Significant Terms (significant_terms)

The significant_terms function finds anomaly terms in a text or string field that appear more frequently in a search result set than the entire index.

The significant_terms function takes four parameters:

  1. the string or text field in which to find the terms.

  2. the minimum term length to be considered a significant term.

  3. the minimum document frequency for a term to be considered a significant term. If greater than one this value is treated as an absolute number of documents. If the value is a float between 0 and 1 its considered to be a percentage of total documents.

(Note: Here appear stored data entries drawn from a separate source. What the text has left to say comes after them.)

(** Open subsets of A are the traces [A ∩ U]. *)
Definition pseudocompact_subspace (X : Type) (tX : topology X)
  (A : X -> Prop) : Prop :=
  forall (J : Type) (F : J -> X -> Prop),
    (forall j, exists U, is_open tX U /\
                 (forall x, F j x <-> (A x /\ U x))) ->
    (forall j, exists x, F j x) ->
    (forall a, A a -> exists V, is_open tX V /\ V a /\
        exists l : list J, forall j,
          (exists y, A y /\ V y /\ F j y) -> In j l) ->
    finite_type J.

Definition pseudocompact (X : Type) (tX : topology X) : Prop :=
  pseudocompact_subspace tX (fun _ => True).

Definition semitopological_semigroup (X : Type) (tX : topology X)
  (mul : X -> X -> X) : Prop :=
  hausdorff tX /\
  (forall x y z, mul x (mul y z) = mul (mul x y) z) /\
  (forall a, continuous tX tX (mul a)) /\
  (forall a, continuous tX tX (fun x => mul x a)).

Definition semitopological_monoid_with_zero (T : Type) (tT : topology T)
  (mul : T -> T -> T) (one zero : T) : Prop :=
  semitopological_semigroup tT mul /\
  (forall s, mul one s = s) /\ (forall s, mul s one = s) /\
  (forall s, mul zero s = zero) /\ (forall s, mul s zero = zero).

Definition homeomorphism_onto_image (T X : Type) (tT : topology T)
  (tX : topology X) (f : T -> X) : Prop :=
  continuous tT tX f /\
  (forall s t, f s = f t -> s = t) /\
  (forall U, is_open tT U ->
     exists W, is_open tX W /\ forall s, U s <-> W (f s)).
(* Let $q \ge 2$ and $n > 1$ be integers, let $\Sigma = \{0,1,\dots,q-1\}$, and let $m = 2^n - 1$. Then the truth table $T_n(L_q^m)$ is a binary (i.e. $2$-ary) $Z_{n+1}$ instance.
   Context: Zimin words are defined recursively over an alphabet of variables $x_1, x_2, \dots$ by $Z_1 = x_1$ and $Z_{k+1} = Z_k\, x_{k+1}\, Z_k$; thus $Z_k$ has length $2^k-1$ (e.g. $Z_2 = x_1x_2x_1$, $Z_3 = x_1x_2x_1x_3x_1x_2x_1$). A word $W$ over an alphabet $A$ is an instance of a word $V$ (a ''$V$ instance'') if there is a non-erasing monoid homomorphism $\phi$ from words over the letters of $V$ to $A^+$ (every letter is sent to a nonempty word over $A$) with $\phi(V) = W$. $L_q^m$ denotes the sequence of all $q^m$ words of length $m$ over $\Sigma$ listed in lexicographic order (with $0<1<\dots<q-1$; equivalently, ordered by their value as base-$q$ numerals). The truth table $T_n(L_q^m) = t_1 t_2 \cdots t_{q^m}$ is the word of length $q^m$ over $\{0,1\}$ such that $t_i = 1$ if and only if the $i$-th word of $L_q^m$ is a $Z_n$ instance. For example, for $q=2$, $n=2$, $m=3$ one has $T_2(L_2^3) = 10100101$. *)

From Stdlib Require Import ClassicalDescription.
From mathcomp Require Import all_boot.
Set Implicit Arguments. Unset Strict Implicit. Unset Printing Implicit Defensive.

(* Words are sequences of natural numbers (letters).  Variables x_i are
   encoded as the natural number i. *)

(* Zimin words: zimin 1 = [:: 1], zimin k.+1 = zimin k ++ [:: k.+1] ++ zimin k.
   (zimin 0 = [::] is an auxiliary base case, never used in the statement.) *)
Fixpoint zimin (k : nat) : seq nat :=
  if k is k'.+1 then zimin k' ++ k'.+1 :: zimin k' else [::].

Definition is_instance (V W : seq nat) : Prop :=
  exists phi : nat -> seq nat,
    (forall x, x \in V -> phi x != [::]) /\ flatten (map phi V) = W.

(* The i-th (0-based) word of length m over {0,...,q-1} in lexicographic
   order: the base-q representation of i with m digits, most significant first. *)
Definition lex_word (q m i : nat) : seq nat :=
  [seq (i %/ q ^ (m - j.+1)) %% q | j <- iota 0 m].

Definition lex_list (q m : nat) : seq (seq nat) :=
  [seq lex_word q m i | i <- iota 0 (q ^ m)].

Definition indic (P : Prop) : nat :=
  if excluded_middle_informative P then 1 else 0.

Definition truth_table (n q m : nat) : seq nat :=
  [seq indic (is_instance (zimin n) w) | w <- lex_list q m].

Definition binary_word (W : seq nat) : bool := all (fun a => a < 2) W.

From Stdlib Require Import ClassicalDescription.
From mathcomp Require Import all_boot zify.

(* A word of length 2^n - 1 is an instance of Z_n only if every variable is sent to a
   single letter, so the i-th word of L_q^m is a Z_n instance iff i = sum_j c_j s_j with
   digits c_j < q, where s_j is the base-q number with a digit 1 exactly at the positions
   of x_j in Z_n.  These weights satisfy (q - 1) (s_(k+1) + ... + s_n) < s_k, so on
   [0, L_k) with L_k = 1 + (q - 1) (s_(k+1) + ... + s_n) adding (q - 1) s_k preserves
   representability.  Hence the prefix of length L_(k-1) = (q - 1) s_k + L_k of the truth
   table has the shape X Y X, where X is its prefix of length L_k and Y is nonempty.
   Descending from L_n = 1 to L_0 = q^m builds a Z_(n+1) instance. *)

Lemma eq_indic (P Q : Prop) : (P <-> Q) -> indic P = indic Q.
Proof.
rewrite /indic => PQ.
case: excluded_middle_informative => hP; case: excluded_middle_informative => hQ //.
- by case: hQ; apply/PQ.
- by case: hP; apply/PQ.
Qed.

Lemma indic_lt2 (P : Prop) : indic P < 2.
Proof. by rewrite /indic; case: excluded_middle_informative. Qed.

Fixpoint nat_of_digits (q : nat) (w : seq nat) : nat :=
  if w is d :: w' then d * q ^ size w' + nat_of_digits q w' else 0.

  4. the maximum document frequency for a term to be considered a significant term. If greater than one this value is treated as an absolute number of documents. If the value is a float between 0 and 1 its considered to be a percentage of total documents.

Sample syntax

select significant_terms(complaint_type_s, 5, 1, .5) as term,
       foreground,
       background,
       score
from nyc311
       where borough_s = 'MANHATTAN'
limit 10

Result set

The result set for the significant_terms function contains one row for each significant term. The significant_terms function returns the value of the term. There are three additional fields available when the significant_terms function is used:

  • The foreground field returns the number of documents that contain the term within the result set.

  • The background field returns the number of documents that contain the term in the entire index.

  • The score field returns the score for the field which is calculated based on the background and foreground counts. Terms are returned in score descending order.

Sample result set in Apache Zeppelin

Sample result set

Visualization

The significant_terms result is shown below visualized in an Apache Zeppelin bubble chart. In the bubble chart the background counts are plotted on the x-axis and the foreground counts are plotted on the y-axis. The bubble size is determined by the score. The term is displayed in the color coded legend. Notice that with the bubble chart it’s easy to see how many documents a term appears in in the entire index and how many documents it appears in in the query result set and how it influences the score.

Sample visualization